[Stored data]
■ ■ ■ ■
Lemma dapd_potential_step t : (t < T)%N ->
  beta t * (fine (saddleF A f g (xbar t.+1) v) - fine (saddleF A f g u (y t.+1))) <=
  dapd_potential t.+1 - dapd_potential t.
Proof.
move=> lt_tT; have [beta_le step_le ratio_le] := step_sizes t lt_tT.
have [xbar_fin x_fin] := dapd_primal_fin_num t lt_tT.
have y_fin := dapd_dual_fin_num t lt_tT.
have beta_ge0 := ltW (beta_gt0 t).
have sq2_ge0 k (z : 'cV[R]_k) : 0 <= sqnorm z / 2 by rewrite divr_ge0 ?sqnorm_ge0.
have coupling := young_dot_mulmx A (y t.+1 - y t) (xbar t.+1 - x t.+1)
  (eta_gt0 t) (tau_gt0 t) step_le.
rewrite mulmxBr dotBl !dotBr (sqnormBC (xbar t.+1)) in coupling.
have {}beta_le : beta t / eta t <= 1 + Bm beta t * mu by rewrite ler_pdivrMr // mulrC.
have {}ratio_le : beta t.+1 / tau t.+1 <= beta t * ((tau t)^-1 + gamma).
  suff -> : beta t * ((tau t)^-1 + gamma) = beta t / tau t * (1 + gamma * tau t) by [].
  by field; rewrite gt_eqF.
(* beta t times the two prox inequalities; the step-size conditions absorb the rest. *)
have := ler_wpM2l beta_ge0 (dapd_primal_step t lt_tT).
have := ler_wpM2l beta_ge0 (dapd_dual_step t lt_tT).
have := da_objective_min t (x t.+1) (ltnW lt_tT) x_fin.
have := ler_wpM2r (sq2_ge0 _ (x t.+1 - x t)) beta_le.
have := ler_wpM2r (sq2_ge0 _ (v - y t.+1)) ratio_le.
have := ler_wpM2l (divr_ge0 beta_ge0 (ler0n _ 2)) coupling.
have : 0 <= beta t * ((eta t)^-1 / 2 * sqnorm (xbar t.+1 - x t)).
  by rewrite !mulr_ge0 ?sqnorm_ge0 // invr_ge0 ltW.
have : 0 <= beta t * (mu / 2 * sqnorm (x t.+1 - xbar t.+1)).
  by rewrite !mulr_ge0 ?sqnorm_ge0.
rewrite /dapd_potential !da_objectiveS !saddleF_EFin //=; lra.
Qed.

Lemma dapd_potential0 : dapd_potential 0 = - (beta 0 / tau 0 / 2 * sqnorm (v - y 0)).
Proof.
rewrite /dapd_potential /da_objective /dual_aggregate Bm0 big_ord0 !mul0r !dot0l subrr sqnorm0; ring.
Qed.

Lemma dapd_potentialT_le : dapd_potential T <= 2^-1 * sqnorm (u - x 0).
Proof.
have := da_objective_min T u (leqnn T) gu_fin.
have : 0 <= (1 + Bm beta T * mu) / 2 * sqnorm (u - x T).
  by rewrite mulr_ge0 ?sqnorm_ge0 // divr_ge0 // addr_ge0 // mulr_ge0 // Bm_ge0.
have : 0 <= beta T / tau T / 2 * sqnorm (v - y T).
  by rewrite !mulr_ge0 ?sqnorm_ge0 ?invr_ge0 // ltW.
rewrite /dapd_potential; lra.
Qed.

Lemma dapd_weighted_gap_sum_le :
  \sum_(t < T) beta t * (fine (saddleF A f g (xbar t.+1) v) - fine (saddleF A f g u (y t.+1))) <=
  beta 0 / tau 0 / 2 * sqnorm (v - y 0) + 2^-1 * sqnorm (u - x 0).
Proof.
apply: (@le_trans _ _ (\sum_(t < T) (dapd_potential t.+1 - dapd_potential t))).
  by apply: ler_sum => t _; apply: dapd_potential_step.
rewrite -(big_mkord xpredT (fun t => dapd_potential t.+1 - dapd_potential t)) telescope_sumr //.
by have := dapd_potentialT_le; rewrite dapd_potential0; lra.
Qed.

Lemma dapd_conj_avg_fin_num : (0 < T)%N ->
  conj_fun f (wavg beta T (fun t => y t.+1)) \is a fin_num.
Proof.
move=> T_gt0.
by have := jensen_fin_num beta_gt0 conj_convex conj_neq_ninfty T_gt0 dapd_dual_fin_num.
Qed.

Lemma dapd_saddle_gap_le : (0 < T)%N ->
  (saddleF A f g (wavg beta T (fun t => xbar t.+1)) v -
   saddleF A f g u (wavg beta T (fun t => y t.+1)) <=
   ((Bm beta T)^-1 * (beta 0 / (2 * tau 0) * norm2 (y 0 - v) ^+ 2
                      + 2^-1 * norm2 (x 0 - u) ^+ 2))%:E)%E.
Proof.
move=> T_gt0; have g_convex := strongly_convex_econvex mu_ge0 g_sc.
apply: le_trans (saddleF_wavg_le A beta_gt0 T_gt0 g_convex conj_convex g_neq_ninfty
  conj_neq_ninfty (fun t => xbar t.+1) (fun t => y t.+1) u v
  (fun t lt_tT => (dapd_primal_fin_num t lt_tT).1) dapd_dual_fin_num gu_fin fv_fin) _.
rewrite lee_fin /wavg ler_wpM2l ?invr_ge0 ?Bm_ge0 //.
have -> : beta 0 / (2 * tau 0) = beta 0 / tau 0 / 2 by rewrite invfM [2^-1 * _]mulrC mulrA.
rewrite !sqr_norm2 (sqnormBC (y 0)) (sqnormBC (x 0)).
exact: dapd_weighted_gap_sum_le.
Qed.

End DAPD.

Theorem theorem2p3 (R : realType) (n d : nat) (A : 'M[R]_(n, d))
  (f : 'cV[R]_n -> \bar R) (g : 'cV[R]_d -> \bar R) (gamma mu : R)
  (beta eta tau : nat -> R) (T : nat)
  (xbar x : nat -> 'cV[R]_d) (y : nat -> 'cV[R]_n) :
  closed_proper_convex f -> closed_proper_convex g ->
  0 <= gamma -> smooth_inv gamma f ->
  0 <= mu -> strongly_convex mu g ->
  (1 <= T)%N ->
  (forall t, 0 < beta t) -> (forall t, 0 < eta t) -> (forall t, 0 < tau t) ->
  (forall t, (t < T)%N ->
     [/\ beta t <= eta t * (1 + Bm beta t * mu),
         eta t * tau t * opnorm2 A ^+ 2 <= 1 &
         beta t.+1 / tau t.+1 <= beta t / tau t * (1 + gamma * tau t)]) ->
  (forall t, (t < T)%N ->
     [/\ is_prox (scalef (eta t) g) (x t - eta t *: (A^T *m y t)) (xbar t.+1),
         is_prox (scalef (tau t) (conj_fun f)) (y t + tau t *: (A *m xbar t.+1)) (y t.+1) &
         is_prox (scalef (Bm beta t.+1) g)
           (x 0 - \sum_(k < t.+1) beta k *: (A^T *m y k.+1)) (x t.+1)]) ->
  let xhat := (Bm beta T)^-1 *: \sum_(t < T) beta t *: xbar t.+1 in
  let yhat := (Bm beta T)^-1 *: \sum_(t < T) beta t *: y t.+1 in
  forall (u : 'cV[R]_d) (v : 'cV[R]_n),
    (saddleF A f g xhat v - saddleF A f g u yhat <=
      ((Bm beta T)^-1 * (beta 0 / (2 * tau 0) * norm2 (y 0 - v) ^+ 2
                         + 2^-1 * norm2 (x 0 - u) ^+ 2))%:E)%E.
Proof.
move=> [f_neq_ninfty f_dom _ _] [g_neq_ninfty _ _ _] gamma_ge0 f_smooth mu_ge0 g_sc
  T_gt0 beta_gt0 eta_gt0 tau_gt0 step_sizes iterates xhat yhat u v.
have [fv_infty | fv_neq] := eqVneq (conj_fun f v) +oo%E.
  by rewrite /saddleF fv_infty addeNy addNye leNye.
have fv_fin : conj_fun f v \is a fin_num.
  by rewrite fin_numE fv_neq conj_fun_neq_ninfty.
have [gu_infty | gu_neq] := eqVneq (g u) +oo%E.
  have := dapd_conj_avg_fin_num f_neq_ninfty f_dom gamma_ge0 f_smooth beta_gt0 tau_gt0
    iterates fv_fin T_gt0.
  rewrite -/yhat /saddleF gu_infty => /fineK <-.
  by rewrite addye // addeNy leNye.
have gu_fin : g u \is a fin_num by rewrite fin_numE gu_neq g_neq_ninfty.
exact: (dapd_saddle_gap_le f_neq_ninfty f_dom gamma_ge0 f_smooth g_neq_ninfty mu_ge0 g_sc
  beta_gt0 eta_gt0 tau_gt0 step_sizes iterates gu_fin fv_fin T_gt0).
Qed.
■ ■ ■ ■
# AIM OF THE EXERCISE
Please transcribe the records exactly from their first line through the line holding "rewrite mulmxBr dotBl", and leave out all others.

# TASK RESPONSE
Lemma dapd_potential_step t : (t < T)%N ->
  beta t * (fine (saddleF A f g (xbar t.+1) v) - fine (saddleF A f g u (y t.+1))) <=
  dapd_potential t.+1 - dapd_potential t.
Proof.
move=> lt_tT; have [beta_le step_le ratio_le] := step_sizes t lt_tT.
have [xbar_fin x_fin] := dapd_primal_fin_num t lt_tT.
have y_fin := dapd_dual_fin_num t lt_tT.
have beta_ge0 := ltW (beta_gt0 t).
have sq2_ge0 k (z : 'cV[R]_k) : 0 <= sqnorm z / 2 by rewrite divr_ge0 ?sqnorm_ge0.
have coupling := young_dot_mulmx A (y t.+1 - y t) (xbar t.+1 - x t.+1)
  (eta_gt0 t) (tau_gt0 t) step_le.
rewrite mulmxBr dotBl !dotBr (sqnormBC (xbar t.+1)) in coupling.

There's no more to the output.